About fifteen years ago, just about the time that the PC sh#t was starting to hit the fan, I began doing some part-time work as an arbitrator for the NY Stock Exchange. In addition to mediating disputes between brokers and their clients, arbitrators also are called upon to settle cases between member firms and their employees.
New arbitrators had to take a few seminars to further our understanding of these employment cases. One hot topic involved discrimination. There were two ways to "prove" it--direct and indirect. I had no problem with the former. It manifests itself when a minority person (i.e., a Black, Hispanic, or a woman) with a clearly superior record of accomplishment is overlooked for a promotion which is then given to a less deserving White Male. Although often difficult to prove, the concept is understandable.
The indirect method of "proving" prejudice is by throwing statistics at you. That is, if Blacks make up 12% of the general population and only 2% of the law partners, bias is assumed. I had a great deal of difficulty with that concept. I argued with the "instructor" vehemently that aptitude and interest might discourage Blacks from being concert violinists and Whites from being NBA point guards, and absent the overt type of biased behavior previously mentioned, one could not assume that just because the numbers worked out in a particular manner, that improper discrimination was the reason.
I kept my mouth shut long enough to get my little diploma and I did work as an arbitrator for several years. Luckily (for the plaintiff), I never was involved in a statistics-based discrimination suit.
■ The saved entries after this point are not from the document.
Lemma enorm_ge0 v : 0 <= enorm v.
Proof. exact: sqrtr_ge0. Qed.

Lemma enorm_le_sum_norm v : enorm v <= \sum_i `|v i|.
Proof.
have [sq_le sum_ge0] : \sum_i v i ^+ 2 <= (\sum_i `|v i|) ^+ 2 /\ 0 <= \sum_i `|v i|.
  elim/big_ind2: _ => [|a1 a2 b1 b2 [h1 p1] [h2 p2]|i _].
  - by rewrite expr0n.
  - split; nra.
  - by rewrite real_normK ?num_real.
by rewrite -[X in _ <= X](ger0_norm sum_ge0) -sqrtr_sqr ler_sqrt // sqr_ge0.
Qed.

Lemma normr_le_enorm v i : `|v i| <= enorm v.
Proof.
have sq_ge0 j : 0 <= v j ^+ 2 by exact: sqr_ge0.
rewrite -sqrtr_sqr ler_sqrt ?sumr_ge0 // (bigD1 i) //= lerDl sumr_ge0 //.
Qed.

Lemma enormZ (e : R) v : enorm (fun i => e * v i) = `|e| * enorm v.
Proof.
rewrite /enorm (eq_bigr (fun i => e ^+ 2 * v i ^+ 2)) => [|i _]; last by rewrite exprMn.
by rewrite -mulr_sumr sqrtrM ?sqr_ge0 // sqrtr_sqr.
Qed.

Lemma enorm_shift_le (s x : 'I_d -> int) :
  enorm (fun j => (s j + x j)%:~R) <= \sum_j `|(s j)%:~R : R| + d%:R * znorm x.
Proof.
apply: le_trans (enorm_le_sum_norm _) _.
have -> : d%:R * znorm x = \sum_(j < d) znorm x :> R.
  by rewrite sumr_const card_ord mulr_natl.
rewrite -big_split.
apply: ler_sum => j _; rewrite intrD; apply: le_trans (ler_normD _ _) _.
by rewrite lerD2l (normr_le_enorm (fun i => (x i)%:~R)).
Qed.

End EuclideanNorm.

Section LipschitzExponential.
Variables (R : realType) (d : nat) (beta L eps : R) (g : ('I_d -> R) -> R).
Hypotheses (beta_ge0 : 0 <= beta) (L_ge0 : 0 <= L) (eps_ge0 : 0 <= eps).
Hypothesis g_lip : forall u v, `|g u - g v| <= L * enorm (fun i => u i - v i).

Let c := beta * L * eps.
Let K := expR (beta * `|g (fun=> 0)|).
Let F (x s : 'I_d -> int) := expR (beta * g (fun j => eps * (s j + x j)%:~R)).

Lemma lipschitz_le_norm u : g u <= `|g (fun=> 0)| + L * enorm u.
Proof.
have := g_lip u (fun=> 0); rewrite (_ : (fun i => u i - 0) = u); last first.
  by apply: funext => i; rewrite subr0.
have := ler_norm (g (fun=> 0)); rewrite ler_norml => h /andP[_]; lra.
Qed.

Lemma exp_g_le_cosh_prod x s :
  F x s <= K * expR (c * d%:R * znorm x) * cosh_prod c s.
Proof.
have c_ge0 : 0 <= c by rewrite !mulr_ge0.
have arg_le : beta * g (fun j => eps * (s j + x j)%:~R)
    <= beta * `|g (fun=> 0)| + c * d%:R * znorm x + c * \sum_j `|(s j)%:~R : R|.
  apply: le_trans (ler_wpM2l beta_ge0 (lipschitz_le_norm _)) _.
  rewrite enormZ (ger0_norm eps_ge0).
  have := ler_wpM2l c_ge0 (enorm_shift_le R s x).
  rewrite /c -!mulrA mulrDr; lra.
apply: le_trans (ler_wpM2l _ (expR_sum_norm_le_cosh_prod s c_ge0)); last first.
  by rewrite mulr_ge0 ?expR_ge0.
by rewrite /F /K -!expRD ler_expR.
Qed.

Lemma exp_g_diff_le x y s :
  `|F x s - F y s| <= c * znorm (fun i => x i - y i)
                      * (2 * K * expR (c * d%:R * (znorm x + znorm y))) * cosh_prod c s.
Proof.
have c_ge0 : 0 <= c by rewrite !mulr_ge0.
have arg_diff : `|beta * g (fun j => eps * (s j + x j)%:~R) - beta * g (fun j => eps * (s j + y j)%:~R)|
    <= c * znorm (fun i => x i - y i).
  rewrite -mulrBr normrM (ger0_norm beta_ge0) /c -!mulrA ler_wpM2l //.
  apply: le_trans (g_lip _ _) _.
  rewrite (_ : (fun i => _ - _) = fun i => eps * (x i - y i)%:~R); last first.
    by apply: funext => i; rewrite !intrD; ring.
  by rewrite enormZ (ger0_norm eps_ge0).
set E := expR (c * d%:R * (znorm x + znorm y)).
have F_le z : c * d%:R * znorm z <= c * d%:R * (znorm x + znorm y) ->
    F z s <= K * E * cosh_prod c s.
  move=> zxy; apply: le_trans (exp_g_le_cosh_prod z s) _.
  by rewrite ler_wpM2r ?cosh_prod_ge0 // ler_wpM2l ?expR_ge0 // ler_expR.
have cd_ge0 : 0 <= c * d%:R by rewrite mulr_ge0.
have sum_le : F x s + F y s <= 2 * K * E * cosh_prod c s.
  rewrite (_ : 2 * K * E * _ = K * E * cosh_prod c s + K * E * cosh_prod c s); last by ring.
  by apply: lerD; apply: F_le; rewrite ler_wpM2l // ?lerDl ?lerDr enorm_ge0.
apply: le_trans (normr_expRB_le _ _) _.
apply: le_trans (ler_pM (normr_ge0 _) _ arg_diff sum_le) _.
  by rewrite addr_ge0 ?expR_ge0.
by rewrite !mulrA.
Qed.

Lemma Geps_diff_le t x y : (0 < d)%N ->
  `|Geps beta g eps t x - Geps beta g eps t y|
    <= c * znorm (fun i => x i - y i) * (2 * K * expR (c * d%:R * (znorm x + znorm y)))
       * (2 ^+ d * expR (2 * c ^+ 2 * t%:R)).
Proof.
move=> d_gt0; rewrite /Geps srw_expectB.
set M := c * _ * _.
apply: le_trans (norm_srw_expect_le (h := fun s => M * cosh_prod c s) _ (exp_g_diff_le x y)) _.
rewrite srw_expectZ ler_wpM2l ?srw_expect_cosh_prod_le //.
by rewrite !mulr_ge0 ?enorm_ge0 ?expR_ge0.
Qed.

End LipschitzExponential.

Theorem lemma5p2 (R : realType) (d : nat) (beta : R) (g : ('I_d -> R) -> R) :
  (3 <= d)%N -> 0 < beta -> eucl_lipschitz g ->
  exists C1 C2 : R, 0 < C1 /\ 0 < C2 /\
    forall (eps : R) (t : nat) (x y : 'I_d -> int), 0 < eps ->
      `|Geps beta g eps t x - Geps beta g eps t y|
        <= C1 * eps * znorm (fun i => x i - y i)
           * expR (C2 * (eps * znorm x + eps * znorm y + eps ^+ 2 * t%:R)).
Proof.
move=> d_ge3 beta_gt0 [L0 lip0].
set L := `|L0| + 1.
have L_gt0 : 0 < L by have := normr_ge0 L0; rewrite /L; lra.
have g_lip u v : `|g u - g v| <= L * enorm (fun i => u i - v i).
  apply: le_trans (lip0 u v) _; rewrite ler_wpM2r ?enorm_ge0 //.
  by have := ler_norm L0; rewrite /L; lra.
have d_gt0 : (0 < d)%N by apply: leq_trans d_ge3.
set K := expR (beta * `|g (fun=> 0)|).
exists (beta * L * (2 * K * 2 ^+ d)), (beta * L * d%:R + 2 * (beta * L) ^+ 2).
split; first by rewrite !mulr_gt0 ?expR_gt0 ?exprn_gt0.
split; first by rewrite addr_gt0 ?mulr_gt0 ?exprn_gt0 ?ltr0n.
move=> eps t x y eps_gt0.
apply: le_trans (Geps_diff_le (ltW beta_gt0) (ltW L_gt0) (ltW eps_gt0) g_lip t x y d_gt0) _.
set a := eps * znorm x + eps * znorm y; set b := eps ^+ 2 * t%:R.
rewrite (_ : beta * L * eps * d%:R * _ = beta * L * d%:R * a); last by rewrite /a; ring.
rewrite (_ : 2 * (beta * L * eps) ^+ 2 * _ = 2 * (beta * L) ^+ 2 * b); last by rewrite /b; ring.
rewrite [leLHS](_ : _ = beta * L * (2 * K * 2 ^+ d) * eps * znorm (fun i => x i - y i)
    * expR (beta * L * d%:R * a + 2 * (beta * L) ^+ 2 * b)); last by rewrite expRD /K; ring.
apply: ler_wpM2l; first by rewrite !mulr_ge0 ?enorm_ge0 ?expR_ge0 ?exprn_ge0 ?ltW.
rewrite ler_expR.
have a_ge0 : 0 <= a by rewrite addr_ge0 ?mulr_ge0 ?enorm_ge0 ?ltW.
have b_ge0 : 0 <= b by rewrite mulr_ge0 ?sqr_ge0.
have p_ge0 : 0 <= beta * L * d%:R by rewrite !mulr_ge0 // ltW.
have q_ge0 : 0 <= 2 * (beta * L) ^+ 2 by rewrite mulr_ge0 ?sqr_ge0.
nra.
Qed.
Interesting that you should mention that it all started about 15 years ago. That is exactly correct. During the 1980s, SCOTUS had actually managed to strike down some - not all - of the racial preferences that were initiated by the government via an administrative ruling by a bureaucratic parasite named Alfred Blumrosen in the Nixon regime under the Orwellian term "affirmative action", chiefly in the private sector. In order to bring a civil rights suit, the plaintiff actually had to prove they were discriminated against. What a concept!
This was turned on its head by the Civil Rights Act of 1991. Passed by by a Rat-controlled congress with the help of plenty of the plaid-pants platoon (RINOs), and signed into law (in violation of a campaign promise) by the ultimate empty suit, George Herbert Walker Bush. Since then, all the plaintiffs have to do is prove that there are fewer minorities proportionally in any given position than there are in the general population. This now constitutes proof of institutional discrimination. Basically, there is no defense against such a charge as it basically requires defendants to prove their innocence. (Minority-owned firms are exempt, naturally.)
The 1991 law was backed by several large corporate interests at the time, which was seemingly illogical. It's not illogical when you think about a large corporation's greatest fear - some small startup that can run rings around their bloated bureaucracies and seriously eat into their market share. The big players can afford all of the racial/gender preference employee deadwood and hire folks in Bangalore to do the real work. The small startups can't afford the "diversity" quotas-that-are-never-called-quotas, and medium-sized firms must get with the program or face Jesse and the ambulance-chasers, a losing proposition. With it's long record of profiting form slave and sweatshop labor in totalitarian China, I'm surpised it took Wal-Mart this long to get in on the "diversity" racket.
Frankly, any American official has a lot of gall criticizing other countries for their lack of free markets. We're well on our way to becoming a totalitarian oligarchy like China.